[Stored entries]
From mathcomp Require Import all_boot.
From Stdlib Require Import Classical.
Set Implicit Arguments. Unset Strict Implicit. Unset Printing Implicit Defensive.

(* In a tree, a connected set of at most three vertices is connected through
   itself by paths of length at most two.  If a move between adjacent
   configurations brought in two new vertices, the agents arriving there come
   from distinct old vertices, and joining these through the old configuration
   closes a cycle.  So every move changing the vertex set is a 1-transition,
   while moves that merely permute the agents can be deleted from a walk after
   relabelling the agents; this turns a spanning walk into a restricted one
   that is no longer.  Spanning walks exist at all because the agents can
   crawl like a snake along a path through every vertex. *)

Section SmallConfig.

Variables (T : finType) (e : rel T) (k : nat) (c : k.-tuple T).
Hypotheses (k_le3 : k <= 3) (c_config : is_config e c).

Lemma config_dist2 x y : x \in c -> y \in c -> x != y ->
  e x y \/ exists2 w, w \in c & [/\ w != x, w != y, e x w & e w y].
Proof.
move=> xc yc xy; have [c_uniq c_conn] := c_config.
have /connectP [q q_path y_last] := c_conn x y xc yc.
case: (shortenP q_path) y_last => p p_path p_uniq p_sub y_last.
have p_in_c z : z \in p -> z \in c.
  move=> /p_sub zp; have [i ltiq ->] : exists2 i, i < size q & z = nth x q i.
    by exists (index z q); rewrite ?index_mem ?nth_index.
  by have /and3P [] := pathP x q_path i ltiq.
have size_p : size (x :: p) <= 3.
  apply: leq_trans (_ : size c <= 3); last by rewrite size_tuple.
  by apply: uniq_leq_size => // z; rewrite inE => /predU1P [->|/p_in_c].
case: p p_path p_uniq y_last size_p p_in_c {p_sub q_path} => [|y1 [|y2 []]] //=.
- by move=> _ _ yx; rewrite yx eqxx in xy.
- by move=> /andP [/and3P [exy1 _ _] _] _ ->; left.
- move=> /and3P [/and3P [exy1 _ _] /and3P [ey1y2 _ _] _] p_uniq -> _ p_in_c.
  right; exists y1; first by apply: p_in_c; rewrite mem_head.
  move: p_uniq; rewrite !inE !negb_or => /andP [/andP [xy1 _] /andP [y1y2 _]].
  by split; rewrite // eq_sym.
Qed.

Hypotheses (e_sym : symmetric e) (e_acyclic : acyclic e).

(* Closing the path by the short connection inside [c] given by
   [config_dist2] yields a cycle. *)
Lemma config_no_outer_path a b p :
  a \in c -> b \in c -> a != b -> uniq p -> p != [::] -> all [predC c] p ->
  ~~ path e a (rcons p b).
Proof.
move=> ac bc ab p_uniq p_nil p_out; apply/negP => ab_path.
have out_p z : z \in c -> z \notin p.
  by move=> zc; apply/negP => /(allP p_out); rewrite /= zc.
have size_p : 0 < size p by case: p p_nil {p_uniq p_out out_p ab_path}.
have no_cycle s : uniq s -> 3 <= size s -> cycle e s -> False.
  by move=> s_uniq s_size; apply/negP/e_acyclic.
case: (config_dist2 ac bc ab) => [eab | [w wc [wa wb eaw ewb]]].
- apply: (no_cycle (a :: rcons p b)).
  + by rewrite /= mem_rcons inE negb_or ab out_p //= rcons_uniq out_p.
  + by rewrite /= size_rcons !ltnS.
  + by rewrite /= rcons_path ab_path last_rcons e_sym.
- apply: (no_cycle (a :: rcons (rcons p b) w)).
  + rewrite /= mem_rcons inE negb_or eq_sym wa mem_rcons inE negb_or ab out_p //=.
    by rewrite !rcons_uniq mem_rcons inE negb_or wb !out_p.
  + by rewrite /= !size_rcons !ltnS ltnW.
  + by rewrite /= 2!rcons_path ab_path !last_rcons (e_sym b w) (e_sym w a) ewb eaw.
Qed.

Lemma config_no_outer_path2 a b q :
  a \in c -> b \in c -> a != b -> q \notin c -> e a q -> e q b -> False.
Proof.
move=> ac bc ab qc aq qb.
by apply: (negP (config_no_outer_path ac bc ab (p := [:: q]) _ _ _));
  rewrite /= ?inE ?qc ?aq ?qb.
Qed.

Lemma config_no_outer_path3 a b p q :
  a \in c -> b \in c -> a != b -> p \notin c -> q \notin c -> p != q ->
  e a p -> e p q -> e q b -> False.
Proof.
move=> ac bc ab pc qc pq ap pq_edge qb.
by apply: (negP (config_no_outer_path ac bc ab (p := [:: p; q]) _ _ _));
  rewrite /= ?inE ?pq ?pc ?qc ?ap ?pq_edge ?qb.
Qed.

End SmallConfig.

Problem requirements: All that is wanted is the number of lines in the records that include the string "every".

Result below: 2